3.4.1 Middel 3 klaagt in de eerste plaats dat het oordeel van de kantonrechter in rov. 3 dat in dit geval van verjaring geen sprake is, onbegrijpelijk is in het licht van het in rov. 2 weergegeven verweer van [eiseres] dat zij veel later dan gebruikelijk met de nu gefactureerde afrekeningen is geconfronteerd. In dat verweer ligt volgens het middel besloten een beroep op het bepaalde in art. 7:259 lid 2 met betrekking tot de termijn waarbinnen de verhuurder de huurder de servicekosten in rekening had dienen te brengen. Door op dit laatste niet in te gaan heeft de kantonrechter zijn vonnis onvoldoende gemotiveerd.
3.4.2 Kennelijk heeft de kantonrechter het verweer van [eiseres] niet aldus opgevat dat zij (mede) een beroep deed op art. 7:259 lid 2. Onbegrijpelijk is dat niet. De klacht faalt dan ook.
3.4.3 Voorts is volgens het middel in het licht van art. 7:260 lid 2 onbegrijpelijk dat de kantonrechter in rov. 3 mede op grond van de omstandigheid dat [eiseres] het advies van de huurdersvereniging om zich de huurcommissie te wenden niet heeft opgevolgd, heeft geoordeeld dat het verweer van [eiseres] niet kan slagen en toewijzing van de vordering van Aegon moet volgen. Dit laatste is tevens volgens het middel onbegrijpelijk in het licht van art. 51 Uitvoeringswet huurprijzen woonruimte.
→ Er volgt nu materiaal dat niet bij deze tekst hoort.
(* Let $q>1$. The maximum success probability of any strategy for the New Hats-on-a-line Game with $q$ hat colours and two players is $1-\left(\frac{q-1}{q}\right)^{2}=\frac{2q-1}{q^2}$.
   Context: The New Hats-on-a-line Game with $q$ colours and $n$ players: players $P_1,\dots,P_n$ stand in a line, and each player $P_i$ receives a hat whose colour $c_i$ is chosen uniformly at random from a fixed set of $q$ colours, independently of the other hats. Player $P_i$ sees exactly the hat colours $c_{i+1},\dots,c_n$. The players respond sequentially in the order $P_1,\dots,P_n$; each response is either a colour (a guess of one's own hat colour) or ''pass'', and each player hears all previous responses. No other communication is allowed, apart from agreeing on a strategy beforehand. A strategy specifies, for each player $P_i$, his response as a function of the colours he sees and the responses he has heard. The players win if at least one player guesses correctly and no player guesses incorrectly; the success probability of a strategy is the probability that the players win. Here $n=2$. *)

From mathcomp Require Import all_boot all_order all_algebra.
Set Implicit Arguments. Unset Strict Implicit. Unset Printing Implicit Defensive.
Import Order.TTheory GRing.Theory Num.Theory.

(* A response: [None] = "pass", [Some c] = guess colour c. *)
Definition response (q : nat) := option 'I_q.

(* A (deterministic) strategy for two players:
   - P1 sees c2 (and hears nothing): responds [s1 c2];
   - P2 sees nothing, hears P1's response r1: responds [s2 r1]. *)
Record strategy2 (q : nat) := Strategy2 {
  s1 : 'I_q -> response q;
  s2 : response q -> response q }.

Definition correct q (r : response q) (c : 'I_q) : bool := r == Some c.
Definition incorrect q (r : response q) (c : 'I_q) : bool :=
  (r != None) && (r != Some c).

Definition wins q (S : strategy2 q) (c1 c2 : 'I_q) : bool :=
  let r1 := s1 S c2 in
  let r2 := s2 S r1 in
  [&& correct r1 c1 || correct r2 c2, ~~ incorrect r1 c1 & ~~ incorrect r2 c2].

(* Hats are independent and uniform, so the success probability is the
   proportion of winning colourings among the q^2 equally likely ones. *)
Definition success_prob q (S : strategy2 q) : rat :=
  (#|[set c : 'I_q * 'I_q | wins S c.1 c.2]|%:R / (q ^ 2)%:R)%R.

(** If the first player passes, the second hears nothing new, so his fixed
    answer [b] to a pass must be right: every win with a pass has [c2 = b].
    If the first player guesses, he must be right, so for each [c2 <> b] at
    most one [c1] wins.  Hence at most [q + (q - 1) = 2q - 1] of the [q^2]
    colourings win.  Conversely, "the first player guesses colour 0 unless he
    sees 0, the second guesses 0 iff the first passed" wins exactly when one
    of the two hats has colour 0, i.e. with probability [1 - ((q-1)/q)^2]. *)

From mathcomp Require Import all_boot all_order all_algebra.
From mathcomp Require Import zify ring.
Set Implicit Arguments. Unset Strict Implicit. Unset Printing Implicit Defensive.
Import Order.TTheory GRing.Theory Num.Theory.
Local Open Scope ring_scope.

Definition winning q (S : strategy2 q) : {set 'I_q * 'I_q} :=
  [set c | wins S c.1 c.2].

Lemma success_probE q (S : strategy2 q) :
  success_prob S = #|winning S|%:R / (q ^ 2)%:R.
Proof. by []. Qed.

Lemma wins_cases q (S : strategy2 q) c1 c2 : wins S c1 c2 ->
  (s1 S c2 = None /\ s2 S None = Some c2) \/ s1 S c2 = Some c1.
Proof.
rewrite /wins /correct /incorrect; case: (s1 S c2) => [a|] /=.
  by case/and3P => _; rewrite negbK => /eqP ->; right.
by case/andP => /eqP ->; left.
Qed.

Lemma card_winning_le q (S : strategy2 q) : (#|winning S| <= 2 * q - 1)%N.
Proof.
case: q S => [|q] S.
  by apply: leq_trans (max_card _) _; rewrite card_prod card_ord.
set b := odflt ord0 (s2 S None).
set A := [set (c1, b) | c1 : 'I_q.+1].
set B := [set (odflt b (s1 S c2), c2) | c2 in [set~ b]].
have winning_sub : winning S \subset A :|: B.
  apply/subsetP => -[c1 c2]; rewrite inE => /wins_cases [[_ Hb]|Hc1].
    by rewrite inE; apply/orP; left; apply/imsetP; exists c1; rewrite // /b Hb.
  have [->|nb] := eqVneq c2 b.
    by rewrite inE; apply/orP; left; apply/imsetP; exists c1.
  by rewrite inE; apply/orP; right; apply/imsetP; exists c2; rewrite ?inE ?Hc1.
have cardA : (#|A| <= q.+1)%N.
  by apply: leq_trans (leq_imset_card _ _) _; rewrite card_ord.
have cardB : (#|B| <= q)%N.
  by apply: leq_trans (leq_imset_card _ _) _; rewrite cardsC1 card_ord.
apply: leq_trans (subset_leq_card winning_sub) _.
apply: leq_trans (leq_card_setU _ _) _.
by apply: leq_trans (leq_add cardA cardB) _; lia.
Qed.

Definition guess_zero q : strategy2 q.+1 :=
  Strategy2 (fun c2 => if c2 == ord0 then None else Some ord0)
            (fun r => if r is None then Some ord0 else None).

Lemma wins_guess_zero q (c1 c2 : 'I_q.+1) :
  wins (guess_zero q) c1 c2 = (c2 == ord0) || (c1 == ord0).
Proof.
rewrite /wins /correct /incorrect.
case: (eqVneq c2 ord0) => [->|n2]; rewrite /guess_zero /= ?eqxx ?(negbTE n2) //.
by case: (eqVneq c1 ord0) => [->|n1];
  rewrite ?eqxx // (inj_eq (@Some_inj _)) eq_sym (negbTE n1).
Qed.

Lemma card_winning_guess_zero q :
  #|winning (guess_zero q)| = (2 * q.+1 - 1)%N.
Proof.
have losing : ~: winning (guess_zero q) = setX [set~ ord0] [set~ ord0].
  by apply/setP => -[c1 c2]; rewrite !inE wins_guess_zero negb_or andbC.
have := cardsC (winning (guess_zero q)).
rewrite losing cardsX cardsC1 card_prod card_ord /=; nia.
Qed.

Lemma one_sub_sqr_ratio q : (0 < q)%N ->
  1 - ((q - 1)%:R / q%:R) ^+ 2 = (2 * q - 1)%:R / (q ^ 2)%:R :> rat.
Proof.
case: q => [|q] // _.
have -> : (q.+1 - 1 = q)%N by lia.
have -> : (2 * q.+1 - 1 = 2 * q + 1)%N by lia.
have q1_neq0 : (q%:R + 1 : rat) != 0 by rewrite natr1 pnatr_eq0.
by rewrite natrX -addn1 !natrD; field.
Qed.

Theorem theorem3 (q : nat) (hq : (1 < q)%N) :
  (forall S : strategy2 q, success_prob S <= 1 - ((q - 1)%:R / q%:R) ^+ 2) /\
  (exists S : strategy2 q, success_prob S = 1 - ((q - 1)%:R / q%:R) ^+ 2) /\
  1 - ((q - 1)%:R / q%:R) ^+ 2 = (2 * q - 1)%:R / (q ^ 2)%:R :> rat.
Proof.
have q_gt0 : (0 < q)%N by apply: ltnW.
rewrite one_sub_sqr_ratio //; split; [|split=> //].
  move=> S; rewrite success_probE ler_pM2r ?invr_gt0 ?ltr0n ?expn_gt0 ?q_gt0 //.
  by rewrite ler_nat card_winning_le.
case: q hq q_gt0 => [|q] // _ _.
by exists (guess_zero q); rewrite success_probE card_winning_guess_zero.
Qed.
(* Let $E[\mathscr{T}]$ be a stable locally $L^0$-convex module and let $E^\ast$ be the set of all continuous $L^0$-module morphisms $\mu:E\rightarrow L^0$. The collection of sets \[ U_{\{F_k\},\{A_k\},\varepsilon}:=\{x\in E\colon \sum 1_{A_k}\underset{\mu\in F_k}{\operatorname{ess\,sup}}|\mu(x)|<\varepsilon\}, \] where $\{A_k\}\in p(\Omega)$, $\{F_k\}$ is a countable collection of non-empty finite subsets of $E^\ast$ and $\varepsilon\in L^0$ with $\varepsilon>0$, is a neighborhood base of $0\in E$ for a stable locally $L^0$-convex topology (called the stable weak topology $\sigma_s(E,E^\ast)$).
   Context: $(\Omega,\Sigma,\mathbb{P})$ is a probability space, $L^0$ is the set of equivalence classes (modulo a.s. equality) of $\Sigma$-measurable real random variables, $\mathcal{F}$ is the associated measure algebra, and $p(\Omega)$ denotes the set of (countable) partitions of $\Omega$ in $\mathcal{F}$. An $L^0$-module $E$ has the countable concatenation property if for every sequence $\{x_k\}\subset E$ and every partition $\{A_k\}\in p(\Omega)$ there is a unique $x=\sum 1_{A_k}x_k\in E$ with $1_{A_k}x=1_{A_k}x_k$ for all $k$. A subset $S$ is stable if $\sum 1_{A_k}x_k\in S$ for all $\{x_k\}\subset S$, $\{A_k\}\in p(\Omega)$; a collection $\mathscr{C}$ of subsets is stable if each member is stable and $\sum 1_{A_k}S_k\in\mathscr{C}$ for all $\{S_k\}\subset\mathscr{C}$, $\{A_k\}\in p(\Omega)$. A stable locally $L^0$-convex module is a topological $L^0$-module with the countable concatenation property having a neighborhood base of $0$ which is a stable collection of $L^0$-convex, $L^0$-absorbing and $L^0$-balanced sets. $\operatorname{ess\,sup}$ denotes the essential supremum in $L^0$. *)

From HB Require Import structures.
From mathcomp Require Import all_boot all_order all_algebra.
From mathcomp Require Import all_classical all_reals all_analysis.
Set Implicit Arguments. Unset Strict Implicit. Unset Printing Implicit Defensive.
Import Order.TTheory GRing.Theory Num.Theory.
Local Open Scope classical_set_scope.
Local Open Scope ring_scope.

Section L0def.
Variables (d : measure_display) (T : measurableType d) (R : realType)
  (P : probability T R).

Definition aeq (f g : T -> R) : Prop := {ae P, forall t, f t = g t}.

(** L^0 = equivalence classes (mod a.s. equality) of measurable real functions *)
Definition L0class (f : T -> R) : set (T -> R) :=
  [set g | measurable_fun setT g /\ aeq f g].
Definition isL0class (C : set (T -> R)) : Prop :=
  exists f, measurable_fun setT f /\ C = L0class f.
Definition L0 : Type := sig isL0class.

Definition rep (x : L0) : T -> R := proj1_sig (cid (proj2_sig x)).

Lemma L0class_is (f : T -> R) : measurable_fun setT f -> isL0class (L0class f).
Proof. by move=> mf; exists f. Qed.

(** the class of a function (of 0 if the function is not measurable) *)
Definition cls (f : T -> R) : L0 :=
  match pselect (measurable_fun setT f) with
  | left mf => exist _ _ (L0class_is mf)
  | right _ => exist _ _ (L0class_is (@measurable_cst _ _ T R setT 0))
  end.

Definition L0zero : L0 := cls (fun _ => 0).
Definition L0one : L0 := cls (fun _ => 1).
Definition L0add (x y : L0) : L0 := cls (fun t => rep x t + rep y t).
Definition L0opp (x : L0) : L0 := cls (fun t => - rep x t).
Definition L0mul (x y : L0) : L0 := cls (fun t => rep x t * rep y t).
Definition L0abs (x : L0) : L0 := cls (fun t => `|rep x t|).
Definition L0ind (A : set T) : L0 := cls (\1_A).
Definition L0le (x y : L0) : Prop := {ae P, forall t, rep x t <= rep y t}.
Definition L0lt (x y : L0) : Prop := {ae P, forall t, rep x t < rep y t}.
3.4.4 Deze klachten kunnen niet worden beoordeeld zonder daarin de juistheid van de rechtsopvattingen van de kantonrechter ter zake van die wetsbepalingen te betrekken, hetgeen valt buiten de door art. 80 lid 1 RO getrokken grenzen van de taak van de cassatierechter in deze zaken.
4. Beslissing
De Hoge Raad:
verwerpt het beroep;
veroordeelt [eiseres] in de kosten van het geding in cassatie, tot op deze uitspraak aan de zijde van Aegon begroot op € 322,34 aan verschotten en € 2.200,-- voor salaris.
Dit arrest is gewezen door de raadsheren A. Hammerstein, als voorzitter, O. de Savornin Lohman en W.D.H. Asser, en in het openbaar uitgesproken door de raadsheer A. Hammerstein op 10 juli 2009.